Vuelve así a llamar la
atención un párrafo que los sindicalistas del sector público erre que erre lo
incorporan en estos acuerdos, con la esperanza de que el legislador de
Presupuestos “muerda el anzuelo” y lo traslade a la Ley. Una operación
dudosamente constitucional (por ser suave en el juicio), ya que se dedica a
preterir el principio de igualdad, mérito y capacidad, en el acceso a la
función pública. Una vez más se recoge, como ya hiciera la LPGE 2017, que “la
articulación de estos procesos selectivos (de estabilización del empleo
temporal) será objeto de negociación colectiva” (hasta aquí ninguna novedad,
salvo que de nuevo se ignora el artículo 37.2 TREBEP). Pero se vuelve a
insistir en la siguiente idea, que no se incorporó cabalmente en los Presupuestos
del ejercicio anterior: “(…) en cuyo marco podrá ser objeto de valoración en
la fase de concurso, entre otros méritos, en su caso, el tiempo de servicios
prestados en la Administración Pública“. Dicho en román paladino:
aplantillar a todo el personal temporal por encima de cualquier otro candidato
que venga “de fuera”. Se avecinan tiempos de impugnaciones múltiples de las
convocatorias y procesos selectivos ante los (hasta ahora complacientes)

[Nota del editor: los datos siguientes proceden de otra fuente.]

(* Write b_n = B_n(a)/n! and B(t) = sum_n b_n t^n.  The generating function of the Bernoulli
   polynomials says B(t) * e^{-at}(e^t - 1)/t = 1; composing with L, the inverse of
   e^{-at}(e^t - 1), gives L = t B(L), hence [t^(m+1)] L^(k+1) = sum_n b_n [t^m] L^(n+k).
   For u = L(a,-x) and v = L(a,-y) this makes G = xy sum_k b_k sum_p u^p v^(k-p), so
   G_{a+1,b+1} = (-1)^(a+b) sum_k b_k sum_p [t^a]L^p [t^b]L^(k-p).
   An element of S_{i,r} is a prefix of length i-1 whose partial sums stay below their lengths,
   one free entry, and a suffix whose tail sums stay within their lengths.  The recursion for
   the powers of L identifies the b-weighted sums over such prefixes and suffixes with
   coefficients of powers of L, and summing over the free entry gives the same double sum. *)

Lemma sum_ord_widen0 (V : nmodType) (n1 n2 : nat) (F : nat -> V) : (n1 <= n2)%N ->
  (forall k, (n1 <= k < n2)%N -> F k = 0) ->
  \sum_(k < n1) F k = \sum_(k < n2) F k.
Proof.
move=> le12 F0; rewrite (big_ord_widen _ _ le12) [RHS](bigID (fun k : 'I_n2 => (k < n1)%N)) /=.
by rewrite [X in _ = _ + X]big1 ?addr0 // => k; rewrite -leqNgt => lek; apply: F0; rewrite lek /=.
Qed.

Lemma mul_sum_geom_diff (R : comNzRingType) n (c : nat -> R) (u v : R) :
  (\sum_(k < n) c k * \sum_(p < k.+1) u ^+ p * v ^+ (k - p)) * (v - u) =
  \sum_(k < n) c k * (v ^+ k.+1 - u ^+ k.+1).
Proof.
rewrite mulr_suml; apply: eq_bigr => k _; rewrite -mulrA subrXX [_ * (v - u)]mulrC.
congr (_ * (_ * _)).
by apply: eq_bigr => p _; rewrite mulrC.
Qed.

tribunales de justicio. Hay mucho paro, precariedad y frío fuera de la
Administración para que el ciudadano “externo” se chupe ingenuamente el dedo.

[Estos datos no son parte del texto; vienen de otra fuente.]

(* Let $(\mathscr{C},\mathbb{E},\mathfrak{s})$ be an extriangulated category such that for every object $X$ the morphism $X\to 0$ is an $\mathbb{E}$-inflation and $0\to X$ is an $\mathbb{E}$-deflation, and let $\Sigma$, $\mathbf{E}^1$ and $\mathfrak{r}$ be as in the context. Then the triple $(\mathscr{C},\mathbf{E}^1,\mathfrak{r})$ satisfies the axioms (ET3) and (ET3)$^{\mathrm{op}}$, namely: (ET3) for any $\varepsilon\in\mathbf{E}^1(C,A)$, $\varepsilon'\in\mathbf{E}^1(C',A')$ with $\mathfrak{r}(\varepsilon)=[A\xrightarrow{x}B\xrightarrow{y}C]$, $\mathfrak{r}(\varepsilon')=[A'\xrightarrow{x'}B'\xrightarrow{y'}C']$, and any $a\colon A\to A'$, $b\colon B\to B'$ with $bx=x'a$, there exists $c\colon C\to C'$ with $cy=y'b$ and $\mathbf{E}^1(C,a)(\varepsilon)=\mathbf{E}^1(c,A')(\varepsilon')$; (ET3)$^{\mathrm{op}}$ for the same data and any $b\colon B\to B'$, $c\colon C\to C'$ with $y'b=cy$, there exists $a\colon A\to A'$ with $bx=x'a$ and $\mathbf{E}^1(C,a)(\varepsilon)=\mathbf{E}^1(c,A')(\varepsilon')$.
   Context: An extriangulated category $(\mathscr{C},\mathbb{E},\mathfrak{s})$ is in the sense of Nakaoka–Palu: $\mathscr{C}$ additive, $\mathbb{E}\colon\mathscr{C}^{\mathrm{op}}\times\mathscr{C}\to Ab$ biadditive, $\mathfrak{s}$ an additive realisation assigning to $\delta\in\mathbb{E}(C,A)$ an equivalence class of sequences $[A\to B\to C]$, satisfying (ET1)–(ET4)$^{\mathrm{op}}$. For $a\colon A\to A'$ and $c\colon C'\to C$ write $a_*\delta=\mathbb{E}(C,a)(\delta)$ and $c^*\delta=\mathbb{E}(c,A)(\delta)$. A morphism $x\colon A\to B$ is an $\mathbb{E}$-inflation if $\mathfrak{s}(\delta)=[A\xrightarrow{x}B\to C]$ for some $\delta\in\mathbb{E}(C,A)$; dually for $\mathbb{E}$-deflations. For each object $Y$, $\Sigma Y$ is a chosen object with $\delta_Y\in\mathbb{E}(\Sigma Y,Y)$ such that $\mathfrak{s}(\delta_Y)=[Y\to 0\to\Sigma Y]$; for $f\colon X\to Y$, $\Sigma f$ is the unique morphism with $f_*\delta_X=(\Sigma f)^*\delta_Y$. $\mathbf{E}^1(C,A)=\mathscr{C}(C,\Sigma A)$, with $\mathbf{E}^1(C,a)(\varepsilon)=\Sigma a\circ\varepsilon$ and $\mathbf{E}^1(c,A)(\varepsilon)=\varepsilon\circ c$. The correspondence $\mathfrak{r}$ assigns to $\varepsilon\in\mathbf{E}^1(C,A)$ the class $\mathfrak{r}(\varepsilon)=\mathfrak{s}(\varepsilon^*\delta_A)$. *)

From HB Require Import structures.
From mathcomp Require Import all_boot all_algebra.
Set Implicit Arguments. Unset Strict Implicit. Unset Printing Implicit Defensive.
Import GRing.Theory.
Local Open Scope ring_scope.

Record CatData := {
  Obj :> Type;
  Mor : Obj -> Obj -> zmodType;
  comp : forall A B C : Obj, Mor B C -> Mor A B -> Mor A C;
  idm : forall A : Obj, Mor A A;
  zobj : Obj;
  dsum : Obj -> Obj -> Obj;
  inl : forall A B : Obj, Mor A (dsum A B);
  inr : forall A B : Obj, Mor B (dsum A B);
  prl : forall A B : Obj, Mor (dsum A B) A;
  prr : forall A B : Obj, Mor (dsum A B) B
}.
Arguments Mor {c}.
Arguments comp {c A B C}.
Arguments idm {c}.
Arguments zobj {c}.
Arguments dsum {c}.
Arguments inl {c}. Arguments inr {c}. Arguments prl {c}. Arguments prr {c}.

Definition is_additive (K : CatData) : Prop :=
  (forall (A B C D : K) (h : Mor C D) (g : Mor B C) (f : Mor A B),
      comp h (comp g f) = comp (comp h g) f) /\
  (forall (A B : K) (f : Mor A B), comp (idm B) f = f) /\
  (forall (A B : K) (f : Mor A B), comp f (idm A) = f) /\
  (forall (A B C : K) (g g' : Mor B C) (f : Mor A B),
      comp (g + g') f = comp g f + comp g' f) /\
  (forall (A B C : K) (g : Mor B C) (f f' : Mor A B),
      comp g (f + f') = comp g f + comp g f') /\
  (forall (A : K) (f : Mor zobj A), f = 0) /\
  (forall (A : K) (f : Mor A zobj), f = 0) /\
  (forall A B : K,
      comp (prl A B) (inl A B) = idm A /\ comp (prr A B) (inr A B) = idm B /\
      comp (prl A B) (inr A B) = 0 /\ comp (prr A B) (inl A B) = 0 /\
      comp (inl A B) (prl A B) + comp (inr A B) (prr A B) = idm (dsum A B)).

Definition isom (K : CatData) (A B : K) (f : Mor A B) : Prop :=
  exists g : Mor B A, comp g f = idm A /\ comp f g = idm B.

Definition summ (K : CatData) (A A' B B' : K) (f : Mor A B) (g : Mor A' B')
  : Mor (dsum A A') (dsum B B') :=
  comp (inl B B') (comp f (prl A A')) + comp (inr B B') (comp g (prr A A')).

(* Ext C A = E(C,A); push a = E(C,a) = a_* ; pull c = E(c,A) = c^* ;
   real d = a representative A -> B -> C of the class s(d). *)
Record ExtData (K : CatData) := {
  Ext : K -> K -> zmodType;
  push : forall C A A' : K, Mor A A' -> Ext C A -> Ext C A';
  pull : forall C' C A : K, Mor C' C -> Ext C A -> Ext C' A;
  real : forall C A : K, Ext C A -> {B : K & (Mor A B * Mor B C)%type}
}.
Arguments Ext {K}.
Arguments push {K e C A A'}.
Arguments pull {K e C' C A}.
Arguments real {K e C A}.

Section ExtDefs.
Variables (K : CatData) (X : ExtData K).

(* s(d) = [A -x-> B -y-> C]: equivalence of sequences via an isomorphism
   of middle terms commuting with the outer identities. *)
Definition realizes (C A B : K) (d : Ext X C A) (x : Mor A B) (y : Mor B C)
  : Prop :=
  exists b : Mor (projT1 (real d)) B,
    isom b /\ comp b (projT2 (real d)).1 = x /\ comp y b = (projT2 (real d)).2.

Definition is_inflation (A B : K) (x : Mor A B) : Prop :=
  exists (C : K) (d : Ext X C A) (y : Mor B C), realizes d x y.

Definition is_deflation (B C : K) (y : Mor B C) : Prop :=
  exists (A : K) (d : Ext X C A) (x : Mor A B), realizes d x y.

Definition ET1 : Prop :=
  (forall (C A : K) (d : Ext X C A), push (idm A) d = d) /\
  (forall (C A : K) (d : Ext X C A), pull (idm C) d = d) /\
  (forall (C A A' A'' : K) (a : Mor A A') (a' : Mor A' A'') (d : Ext X C A),
      push (comp a' a) d = push a' (push a d)) /\
  (forall (C C' C'' A : K) (c : Mor C' C) (c' : Mor C'' C') (d : Ext X C A),
      pull (comp c c') d = pull c' (pull c d)) /\
  (forall (C C' A A' : K) (a : Mor A A') (c : Mor C' C) (d : Ext X C A),
      push a (pull c d) = pull c (push a d)) /\
  (forall (C A A' : K) (a : Mor A A') (d d' : Ext X C A),
      push a (d + d') = push a d + push a d') /\
  (forall (C C' A : K) (c : Mor C' C) (d d' : Ext X C A),
      pull c (d + d') = pull c d + pull c d') /\
  (forall (C A A' : K) (a a' : Mor A A') (d : Ext X C A),
      push (a + a') d = push a d + push a' d) /\
  (forall (C C' A : K) (c c' : Mor C' C) (d : Ext X C A),
      pull (c + c') d = pull c d + pull c' d).

Definition is_realization : Prop :=
  forall (A B C A' B' C' : K) (d : Ext X C A) (d' : Ext X C' A')
    (x : Mor A B) (y : Mor B C) (x' : Mor A' B') (y' : Mor B' C')
    (a : Mor A A') (c : Mor C C'),
    realizes d x y -> realizes d' x' y' -> push a d = pull c d' ->
    exists b : Mor B B', comp b x = comp x' a /\ comp y' b = comp c y.

Definition dsumE (A C A' C' : K) (d : Ext X C A) (d' : Ext X C' A')
  : Ext X (dsum C C') (dsum A A') :=
  push (inl A A') (pull (prl C C') d) + push (inr A A') (pull (prr C C') d').

Definition is_additive_realization : Prop :=
  is_realization /\
  (forall A C : K, realizes (0 : Ext X C A) (inl A C) (prr A C)) /\
  (forall (A B C A' B' C' : K) (d : Ext X C A) (d' : Ext X C' A')
     (x : Mor A B) (y : Mor B C) (x' : Mor A' B') (y' : Mor B' C'),
     realizes d x y -> realizes d' x' y' ->
     realizes (dsumE d d') (summ x x') (summ y y')).

Definition ET2 : Prop := is_additive_realization.

Definition ET3 : Prop :=
  forall (A B C A' B' C' : K) (d : Ext X C A) (d' : Ext X C' A')
    (x : Mor A B) (y : Mor B C) (x' : Mor A' B') (y' : Mor B' C')
    (a : Mor A A') (b : Mor B B'),
    realizes d x y -> realizes d' x' y' -> comp b x = comp x' a ->
    exists c : Mor C C', comp c y = comp y' b /\ push a d = pull c d'.

Definition ET3op : Prop :=
  forall (A B C A' B' C' : K) (d : Ext X C A) (d' : Ext X C' A')
    (x : Mor A B) (y : Mor B C) (x' : Mor A' B') (y' : Mor B' C')
    (b : Mor B B') (c : Mor C C'),
    realizes d x y -> realizes d' x' y' -> comp y' b = comp c y ->
    exists a : Mor A A', comp b x = comp x' a /\ push a d = pull c d'.

Definition ET4 : Prop :=
  forall (A B C D F : K) (d : Ext X D A) (d' : Ext X F B)
    (f : Mor A B) (f' : Mor B D) (g : Mor B C) (g' : Mor C F),
    realizes d f f' -> realizes d' g g' ->
    exists (E : K) (h : Mor A C) (h' : Mor C E) (dd : Mor D E) (e : Mor E F)
      (d'' : Ext X E A),
      realizes d'' h h' /\ realizes (push f' d') dd e /\
      pull dd d'' = d /\ push f d'' = pull e d' /\
      h = comp g f /\ comp h' g = comp dd f' /\ comp e h' = g'.

Definition ET4op : Prop :=
  forall (A B C D F : K) (d : Ext X B D) (d' : Ext X C F)
    (f' : Mor D A) (f : Mor A B) (g' : Mor F B) (g : Mor B C),
    realizes d f' f -> realizes d' g' g ->
    exists (E : K) (dd : Mor D E) (e : Mor E F) (h' : Mor E A) (h : Mor A C)
      (d'' : Ext X C E),
      realizes d'' h' h /\ realizes (pull g' d) dd e /\
      d' = push e d'' /\ push dd d = pull g d'' /\
      comp h' dd = f' /\ comp f h' = comp g' e /\ h = comp g f.

Definition is_extriangulated : Prop :=
  ET1 /\ ET2 /\ ET3 /\ ET3op /\ ET4 /\ ET4op.

End ExtDefs.

(* The triple (C, E^1, r): E^1(C,A) = Mor(C, Sigma A),
   E^1(C,a)(eps) = Sigma a o eps, E^1(c,A)(eps) = eps o c,
   r(eps) = s(eps^* delta_A). *)
Definition E1data (K : CatData) (X : ExtData K) (Sigma : K -> K)
  (SigmaF : forall A A' : K, Mor A A' -> Mor (Sigma A) (Sigma A'))
  (deltaS : forall A : K, Ext X (Sigma A) A) : ExtData K :=
  {| Ext := fun C A => Mor C (Sigma A);
     push := fun C A A' a e => comp (SigmaF A A' a) e;
     pull := fun C' C A c e => comp e c;
     real := fun C A e => real (pull e (deltaS A)) |}.

(* Pulling back [delta_A] along morphisms [W -> Sigma A] is injective: if
   [h^* delta_A = 0], then (ET2) compares the split sequence
   [A -> A (+) W -> W] realizing [0] with [A -> 0 -> Sigma A] realizing
   [delta_A], and the resulting [A (+) W -> 0] forces [h] to factor through
   the zero object.  Through the defining identity [a_* delta_A =
   (Sigma a)^* delta_A'] and functoriality, the equation required by (ET3)
   and (ET3)^op for [E^1] becomes an equation between pullbacks of
   [delta_A'], so both axioms follow from those of [E]. *)
From Pilot Require Import Defs.
From mathcomp Require Import all_boot all_algebra.
Set Implicit Arguments.
Unset Strict Implicit.
Unset Printing Implicit Defensive.
Local Open Scope ring_scope.
Import GRing.Theory.

Section AdditiveMaps.
Variables (U V : zmodType) (f : U -> V).
Hypothesis fD : {morph f : x y / x + y}.

Lemma morphD_0 : f 0 = 0.
Proof. by apply: (@addrI _ (f 0)); rewrite -fD !addr0. Qed.

Lemma morphD_B : {morph f : x y / x - y}.
Proof.
have fN x : f (- x) = - f x.
  by apply: (@addrI _ (f x)); rewrite -fD !subrr morphD_0.
by move=> x y; rewrite fD fN.
Qed.

End AdditiveMaps.

Section ExtriangulatedFacts.
Variables (K : CatData) (X : ExtData K).
Hypotheses (HK : is_additive K) (H1 : ET1 X) (H2 : ET2 X).

Lemma comp0l (A B C : K) (f : Mor A B) : Defs.comp (0 : Mor B C) f = 0.
Proof.
have [_ [_ [_ [compDl _]]]] := HK.
exact: (morphD_0 (fun g g' : Mor B C => compDl _ _ _ g g' f)).
Qed.

Lemma pullD (C C' A : K) (d : Ext X C A) :
  {morph (fun c : Mor C' C => pull c d) : c c' / c + c'}.
Proof.
have [_ [_ [_ [_ [_ [_ [_ [_ pullDl]]]]]]]] := H1.
by move=> c c'; apply: pullDl.
Qed.

Lemma pull_comp (C C' C'' A : K) (c : Mor C' C) (c' : Mor C'' C')
    (d : Ext X C A) :
  pull (Defs.comp c c') d = pull c' (pull c d).
Proof. by have [_ [_ [_ [pull_c _]]]] := H1; apply: pull_c. Qed.

Lemma push_pull (C C' A A' : K) (a : Mor A A') (c : Mor C' C)
    (d : Ext X C A) :
  push a (pull c d) = pull c (push a d).
Proof. by have [_ [_ [_ [_ [push_pull_c _]]]]] := H1; apply: push_pull_c. Qed.

Variables (S A : K) (delta : Ext X S A) (x : Mor A zobj) (y : Mor zobj S).
Hypothesis Hdelta : realizes delta x y.

Lemma pull_eq0 (W : K) (h : Mor W S) : pull h delta = 0 -> h = 0.
Proof.
move=> hdelta0.
have [Hreal [Hsplit _]] := H2.
have [push_id _] := H1.
have [compA [_ [comp_id [_ [_ [from_zero [_ biprod]]]]]]] := HK.
have [_ [prr_inr _]] := biprod A W.
have [b [_ yb]] := Hreal A (dsum A W) W A zobj S 0 delta (inl A W) (prr A W)
  x y (idm A) h (Hsplit A W) Hdelta (etrans (push_id _ _ _) (esym hdelta0)).
by rewrite -(comp_id _ _ h) -prr_inr compA -yb (from_zero _ y) !comp0l.
Qed.

Lemma pull_inj (W : K) (f g : Mor W S) : pull f delta = pull g delta -> f = g.
Proof.
move=> fg; apply/eqP; rewrite -subr_eq0; apply/eqP/pull_eq0.
by rewrite (morphD_B (pullD delta)) fg subrr.
Qed.

End ExtriangulatedFacts.

Section SuspensionExtensions.
Variables (K : CatData) (X : ExtData K).
Hypotheses (HK : is_additive K) (H1 : ET1 X) (H2 : ET2 X).
Variables (Sigma : K -> K) (deltaS : forall A : K, Ext X (Sigma A) A).
Hypothesis HS : forall A : K,
  realizes (deltaS A) (0 : Mor A zobj) (0 : Mor zobj (Sigma A)).
Variable SigmaF : forall A A' : K, Mor A A' -> Mor (Sigma A) (Sigma A').
Hypothesis HSF : forall (A A' : K) (f : Mor A A'),
  push f (deltaS A) = pull (SigmaF f) (deltaS A').

Lemma E1_push_pull_eq (A C A' C' : K) (e : Mor C (Sigma A))
    (e' : Mor C' (Sigma A')) (a : Mor A A') (c : Mor C C') :
  push a (pull e (deltaS A)) = pull c (pull e' (deltaS A')) ->
  Defs.comp (SigmaF a) e = Defs.comp e' c.
Proof.
move=> eq_ext; apply: (pull_inj HK H1 H2 (HS A')).
by rewrite !pull_comp // -HSF -push_pull.
Qed.

End SuspensionExtensions.

Theorem proposition3p12 (K : CatData) (X : ExtData K)
  (HK : is_additive K) (HX : is_extriangulated X)
  (Hinf : forall A : K, is_inflation X (0 : Mor A zobj))
  (Hdef : forall A : K, is_deflation X (0 : Mor zobj A))
  (Sigma : K -> K) (deltaS : forall A : K, Ext X (Sigma A) A)
  (HS : forall A : K, realizes (deltaS A) (0 : Mor A zobj) (0 : Mor zobj (Sigma A)))
  (SigmaF : forall A A' : K, Mor A A' -> Mor (Sigma A) (Sigma A'))
  (HSF : forall (A A' : K) (f : Mor A A'),
      push f (deltaS A) = pull (SigmaF A A' f) (deltaS A')) :
  ET3 (E1data SigmaF deltaS) /\ ET3op (E1data SigmaF deltaS).
Proof.
have [H1 [H2 [H3 [H3op _]]]] := HX.
have E1_eq := E1_push_pull_eq HK H1 H2 HS HSF.
split.
- move=> A B C A' B' C' e e' x y x' y' a b r r' bx.
  have [c [cy eq_ext]] := H3 _ _ _ _ _ _ _ _ _ _ _ _ a b r r' bx.
  by exists c; split; last exact: E1_eq.
- move=> A B C A' B' C' e e' x y x' y' b c r r' yb.
  have [a [bx eq_ext]] := H3op _ _ _ _ _ _ _ _ _ _ _ _ b c r r' yb.
  by exists a; split; last exact: E1_eq.
Qed.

También son titulares de derechos, y algunos fundamentales. Aunque con
frecuencia se olvide.
Pero esta vez la cosa va más
lejos. Esa tasa adicional de estabilización del empleo público se le dota de un
carácter cuasi universal, por lo que, de aprobarse la Ley, el empleo temporal
de carácter estructural desaparecerá (o, al menos, eso se pretende) de la faz
de la tierra administrativa. Se estabilizarán plazas ahora estructurales y
dentro de cinco años superfluas. Si bien la cosa no queda ahí, pues la
estabilización también se extiende al sector público institucional, o si
prefiere a la “Cueva de Alí Babá” de las empresas públicas y fundaciones, donde
se podrán hacer así fijos a miles o decenas de miles de enchufados o afiliados
políticos o sindicales que pululan por sus nóminas sin haber acreditado nada
para ingresar allí. Nóminas, no se olvide, que paga el ciudadano. Cuando la
necesidad aprieta, cuantas tonterías se hacen.

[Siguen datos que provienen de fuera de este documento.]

Lemma rowsum_tpow_le k i : (0 < k)%N ->
  rowsum ((m - 1) ^ k + 1) (tpow m T k) i <= Rmax m T ^+ mu m k.
Proof.
elim: k i => [//|[|k] IH] i _.
  by rewrite rowsum_tpow1 mu1 // expr1 rowsum_le_Rmax.
rewrite tpowSS; apply: le_trans (rowsum_tmul_le _ _ _ (tpow_order m k.+1)) _.
rewrite exp_muS (le_trans (_ : _ <= rowsum m T i * (Rmax m T ^+ mu m k.+1) ^+ (m - 1))) //.
  rewrite /rowsum mulr_suml ler_sum // => t _; rewrite ler_wpM2l // ler_prod_exp // => j.
  by rewrite rowsum_ge0 IH.
by rewrite ler_wpM2r ?exprn_ge0 ?Rmax_ge0 ?rowsum_le_Rmax.
Qed.

Lemma rowsum_tpow_ge k i : (0 < k)%N -> (forall s, 0 <= T s) ->
  rmin m T ^+ mu m k <= rowsum ((m - 1) ^ k + 1) (tpow m T k) i.
Proof.
move=> + T0; elim: k i => [//|[|k] IH] i _.
  by rewrite rowsum_tpow1 mu1 // expr1 rmin_le_rowsum.
rewrite tpowSS (rowsum_tmul_nneg _ (tpow_order m k.+1) T0 (tpow_ge0 _ _ T0)).
rewrite exp_muS (le_trans (_ : _ <= rowsum m T i * (rmin m T ^+ mu m k.+1) ^+ (m - 1))) //.
  by rewrite ler_wpM2r ?exprn_ge0 ?rmin_ge0 ?rmin_le_rowsum.
rewrite rowsum_nneg // mulr_suml ler_sum // => t _.
by rewrite ler_wpM2l // ler_exp_prod ?exprn_ge0 ?rmin_ge0 // => j; exact: IH.
Qed.

End PowerRowSums.

Definition tapply (R : nzRingType) n p (T : seq 'I_n -> R) (x : 'I_n -> R) i : R :=
  \sum_(t : (p - 1).-tuple 'I_n) T (i :: t) * \prod_(j < p - 1) x (tnth t j).

Lemma sum_eq1_neq0 (R : nzRingType) (I : finType) (x : I -> R) :
  \sum_i x i = 1 -> exists i, x i != 0.
Proof.
move=> x1; apply/existsP; rewrite -negb_forall; apply/forallP => x_eq0.
by move: x1; rewrite big1 => [/eqP|i _]; [rewrite eq_sym oner_eq0 | exact/eqP/x_eq0].
Qed.

Section Eigenvalues.
Variables (C : numDomainType) (n p : nat).
Implicit Types (T : seq 'I_n -> C) (x : 'I_n -> C).

Lemma subeigen_le_rowsum T x l : (forall s, 0 <= T s) -> (exists i, x i != 0) ->
  (forall i, l * `|x i| ^+ (p - 1) <= tapply p T (fun j => `|x j|) i) ->
  exists i, l <= rowsum p T i.
Proof.
move=> T0 [i0 xi0] sub.
have [i _ imax] :=
  @real_arg_maxP _ _ i0 xpredT (fun j => `|x j|) isT (fun j _ => normr_real _).
have xi_gt0 : 0 < `|x i| by rewrite (lt_le_trans _ (imax i0 isT)) ?normr_gt0.
exists i; rewrite -(ler_pM2r (exprn_gt0 (p - 1) xi_gt0)) (le_trans (sub i)) //.
rewrite rowsum_nneg // mulr_suml ler_sum // => t _.
by rewrite ler_wpM2l // ler_prod_exp // => j; rewrite normr_ge0; exact: imax.
Qed.

Lemma eigenvalue_le_rowsum T l : is_eigenvalue p T l -> exists i, `|l| <= rowsum p T i.
Proof.
case=> x [x_nz eig].
have sub i : `|l| * `|x i| ^+ (p - 1) <= tapply p (fun s => `|T s|) (fun j => `|x j|) i.
  rewrite -normrX -normrM -eig (le_trans (ler_norm_sum _ _ _)) // ler_sum // => t _.
  by rewrite normrM normr_prod.
have [i li] := subeigen_le_rowsum (fun s => normr_ge0 (T s)) x_nz sub.
by exists i; rewrite (le_trans li) // /rowsum; under eq_bigr do rewrite normr_id.
Qed.

Lemma subeigen_le_Rmax T x l : (forall s, 0 <= T s) -> (forall j, 0 <= x j) ->
  \sum_j x j = 1 -> (forall j, l * x j ^+ (p - 1) <= tapply p T x j) -> l <= Rmax p T.
Proof.
move=> T0 x0 x1 sub; have normxE : (fun j => `|x j|) = x.
  by apply/funext => j; rewrite ger0_norm.
have [|i li] := subeigen_le_rowsum (l := l) T0 (sum_eq1_neq0 x1).
  by move=> i; rewrite normxE ger0_norm.
exact: le_trans li (rowsum_le_Rmax _ _ _).
Qed.

End Eigenvalues.

Section Continuity.
Variables (K : numFieldType) (U : topologicalType).

Lemma continuous_sum (I : Type) (r : seq I) (P : pred I) (F : I -> U -> K) :
  (forall i, continuous (F i)) -> continuous (fun u => \sum_(i <- r | P i) F i u).
Proof. by move=> cF; apply: continuous_big => [|i _]; [exact: add_continuous | exact: cF]. Qed.

Lemma continuous_prod (I : Type) (r : seq I) (P : pred I) (F : I -> U -> K) :
  (forall i, continuous (F i)) -> continuous (fun u => \prod_(i <- r | P i) F i u).
Proof. by move=> cF; apply: continuous_big => [|i _]; [exact: mul_continuous | exact: cF]. Qed.

Lemma continuous_add (f g : U -> K) :
  continuous f -> continuous g -> continuous (fun u => f u + g u).
Proof. by move=> cf cg u; exact: (continuousD (cf u) (cg u)). Qed.

Lemma continuous_sub (f g : U -> K) :
  continuous f -> continuous g -> continuous (fun u => f u - g u).
Proof. by move=> cf cg u; exact: (continuousB (cf u) (cg u)). Qed.

End Continuity.

Lemma near_right_ex (R : realFieldType) (x : R) (P : R -> Prop) :
  (\forall t \near x^'+, P t) -> exists2 t, x < t & P t.
Proof.
move=> xP; have [t [xt Pt]] := filter_ex (filterI (nbhs_right_gt x) xP).
by exists t.
Qed.

Lemma closed_le_fun (R : realFieldType) (U : topologicalType) (f g : U -> R) :
  continuous f -> continuous g -> closed [set u | f u <= g u].
Proof.
move=> cf cg; rewrite (_ : [set u | _] = (fun u => g u - f u) @^-1` [set x | 0 <= x]).
  by apply: preimage_closed; [move=> u _; exact: continuous_sub | exact: closed_ge].
by rewrite predeqE => u /=; rewrite subr_ge0.
Qed.

Lemma closed_eq_fun (R : realFieldType) (U : topologicalType) (f : U -> R) c :
  continuous f -> closed [set u | f u = c].
Proof.
move=> cf; apply: (@preimage_closed _ _ f [set x | x = c]); last exact: closed_eq.
by move=> u _; exact: cf.
Qed.

Section PerronFrobenius.
Variables (R : realType) (n p : nat).
Hypotheses (n_gt0 : (0 < n)%N) (p_gt1 : (1 < p)%N).
Local Notation d := (p - 1)%N.
Implicit Types (T : seq 'I_n -> R) (x y : 'I_n -> R) (v : 'rV[R]_n * R).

Con este panorama descrito,
comprenderán que no me sume al entusiasmo que despiertan tales medidas
recogidas en tan aireado Acuerdo. Sancionan y agravan un dualismo insostenible
y cada vez más sangrante entre el mercado de trabajo público (con notables ventajas
en condiciones de trabajo, no seré más explícito) y privado (marcado de
precariedad y bajas retribuciones). Y lo pactado en el Acuerdo no es solo lo
aquí explicado. Léanlo porque tiene más miga. Compárenlo con el sector privado.
Pero sean conscientes de que la filosofía que anima todo “pacto” en el sector
público es siempre la misma: engordar derechos, nunca responsabilidades. Que
eso lo promuevan unos sindicalistas del sector público me dirán que está en su
ADN (algo que en absoluto comparto, al menos no en lo que debería ser la
posición institucional de los sindicatos en el sector público). Que lo
sancione, en esos términos y sin nada a cambio, un Gobierno pretendidamente
responsable, me parece algo más serio o más preocupante. Y no soy ningún ingenuo,
pues esa es la forma de “hacer política” en este país llamado España: aplazar
el pago de las facturas. Entre las (malas) conductas de unos y otros, la
conclusión que extraigo es lapidaria: la función pública en España, así, nunca
tendrá remedio. Salvo que la ciudadanía lo pare. Y me gustaría equivocarme,
pero me temo que no. Son ya muchos años, tal vez demasiados, viendo lo mismo.